Scope and Capabilities
The library provides a complete C API as a static library with 53 exported functions, enabling integration with C, C++, and any language supporting C foreign function interfaces. The C binding is a thin validation layer: every entry point checks its arguments against the precondition of the proved SPARK subprogram it wraps, returning an error code on violation, so that the machine-checked postconditions of the core apply to every successful call through the C interface.
Among the more complex modules, the Bidirectional Algorithm implementation handles the full rule set of UAX #9, including explicit embeddings, overrides, and isolates, isolating run sequence resolution, and bracket pair matching under rule N0 with the BD16 algorithm. The reordering procedure produces a proved permutation of the input. The collation module implements UTS #10 with both Non-Ignorable and Shifted variable weighting, contraction handling, and implicit weight computation for CJK Unified Ideographs, Tangut, Nushu, and Khitan Small Script. The IDNA module implements the full UTS #46 processing pipeline with Punycode encoding (RFC 3492), ContextJ validation (RFC 5892), Bidi domain name rules (RFC 5893), and DNS length checks.
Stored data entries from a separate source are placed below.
(* Send the generators (12), (23), (34), (67), A of G_L to the involutions
   s1, s2, s_(e1+e2), s4, s_(e1+e2) s3 of W(D5), where s1, ..., s5 are the simple
   reflections.  A breadth-first search in GL_7 x GL_5 enumerates the group generated
   by the five pairs: it has 1920 elements, is closed under right multiplication by
   the pairs, and both coordinate projections are injective on it.  As all generators
   are involutions, every element of either generated group is a word in its
   generators, so this list is the graph of an isomorphism from G_L onto the group
   generated by the images.  That group is W(D5): the images are words in the simple
   reflections, and every simple reflection occurs as a second coordinate. *)

From Stdlib Require Import NArith.
From mathcomp Require Import all_boot all_order all_algebra all_fingroup all_field.
Set Implicit Arguments. Unset Strict Implicit. Unset Printing Implicit Defensive.
Import GRing.Theory.

Section MatrixWords.
Local Open Scope ring_scope.
Variable n : nat.
Implicit Types (S T : seq 'M[algC]_n) (w : seq nat).

Definition mxword S w : 'M[algC]_n := foldr (fun i x => nth 1%:M S i *m x) 1%:M w.

Lemma mxword_cat S w1 w2 : mxword S (w1 ++ w2) = mxword S w1 *m mxword S w2.
Proof. by elim: w1 => [|i w1 IH] /=; rewrite ?mul1mx // IH mulmxA. Qed.

Lemma mxword_rcons S w i : mxword S (rcons w i) = mxword S w *m nth 1%:M S i.
Proof. by rewrite -cats1 mxword_cat /= mulmx1. Qed.

Lemma generated_mxword S w : generated S (mxword S w).
Proof.
elim: w => [|i w IH] /=; first exact: gen_one.
apply: gen_mul IH; case: (ltnP i (size S)) => [iS|Si].
  by apply: gen_gen; rewrite mem_nth.
by rewrite nth_default //; exact: gen_one.
Qed.

Lemma generated_sub S T x :
  (forall s, s \in S -> generated T s) -> generated S x -> generated T x.
Proof.
move=> ST; elim=> {x} [|x /ST //|x y _ Tx _ Ty|x _ Tx]; first exact: gen_one.
  exact: gen_mul.
exact: gen_inv.
Qed.

Section Involutions.
Variable S : seq 'M[algC]_n.
Hypothesis S_invol : forall s, s \in S -> s *m s = 1%:M.

Lemma mxword_rev w : mxword S w *m mxword S (rev w) = 1%:M.
Proof.
elim: w => [|i w IH] /=; first by rewrite mulmx1.
rewrite rev_cons mxword_rcons -mulmxA (mulmxA (mxword S w)) IH mul1mx.
case: (ltnP i (size S)) => [iS|Si]; first by rewrite S_invol ?mem_nth.
by rewrite nth_default // mulmx1.
Qed.

Lemma generated_mxwordP x : generated S x <-> exists w, x = mxword S w.
Proof.
split=> [|[w ->]]; last exact: generated_mxword.
elim=> {x} [|x Sx|x y _ [u ->] _ [v ->]|x _ [w ->]].
- by exists [::].
- by exists [:: index x S]; rewrite /= nth_index // mulmx1.
- by exists (u ++ v); rewrite mxword_cat.
- have ww' := mxword_rev w; have [Uw _] := mulmx1_unit ww'.
  by exists (rev w); rewrite -[LHS]mulmx1 -ww' mulmxA mulVmx // mul1mx.
Qed.

End Involutions.
End MatrixWords.

Lemma mx_group_isomorphic_eqr m n (G : 'M[algC]_m -> Prop) (H K : 'M[algC]_n -> Prop) :
  (forall y, H y <-> K y) -> mx_group_isomorphic G H -> mx_group_isomorphic G K.
Proof.
move=> HK [f [fGH fM f_inj f_surj]]; exists f; split=> // [x /fGH /HK //|y /HK].
exact: f_surj.
Qed.

Lemma mx_group_order_eq n (H K : 'M[algC]_n -> Prop) k :
  (forall y, H y <-> K y) -> mx_group_order H k -> mx_group_order K k.
Proof. by move=> HK [s [us sk Hs]]; exists s; split=> // y; rewrite -HK. Qed.

Lemma uniq_map_inj_in (T U : eqType) (f : T -> U) (s : seq T) :
  uniq (map f s) -> {in s &, injective f}.
Proof.
elim: s => [|z s IH] //= /andP[fz_s /IH{}IH] x y.
rewrite !inE => /predU1P[->|xs] /predU1P[->|ys] // fxy.
- by move: fz_s; rewrite fxy map_f.
- by move: fz_s; rewrite -fxy map_f.
exact: IH.
Qed.

Section WordGraph.
Local Open Scope ring_scope.
Variables (m n : nat) (S1 : seq 'M[algC]_m) (S2 : seq 'M[algC]_n).
Variable P : seq ('M[algC]_m * 'M[algC]_n).
Hypothesis S1_invol : forall s, s \in S1 -> s *m s = 1%:M.
Hypothesis S2_invol : forall s, s \in S2 -> s *m s = 1%:M.
Hypothesis P1 : (1%:M, 1%:M) \in P.
Hypothesis P_closed :
  forall p i, p \in P -> (p.1 *m nth 1%:M S1 i, p.2 *m nth 1%:M S2 i) \in P.
Hypothesis P_words : forall p, p \in P -> exists w, p = (mxword S1 w, mxword S2 w).
Hypothesis P_uniq1 : uniq (map fst P).
Hypothesis P_uniq2 : uniq (map snd P).

Lemma mxword_pair_in w : (mxword S1 w, mxword S2 w) \in P.
Proof.
elim/last_ind: w => [|w i IH]; first exact: P1.
by rewrite !mxword_rcons; exact: P_closed _ i IH.
Qed.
The library enforces several invariants by construction. No heap allocation occurs; all buffers are bounded arrays with every index proved in range, eliminating buffer overflows as a class of defect. No runtime exceptions are raised; all error conditions are communicated through status codes. Runtime checks are suppressed in the compiled binary (-gnatp) because GNATprove has already proved their absence. The sole code outside SPARK verification is the file I/O routine that reads UCD data from disk; every other subprogram is machine-checked.
Availability
Lingenic-Text version 1.1.0 implements Unicode Standard 17.0. The source code, comprising all SPARK/Ada sources, the C binding, and conformance test programs, is available under the Lingenic Source-Available License v2.3. Production use requires a separate license from Lingenic LLC. The Unicode Character Database files included in the distribution are © Unicode, Inc. and are distributed under the Unicode License V3.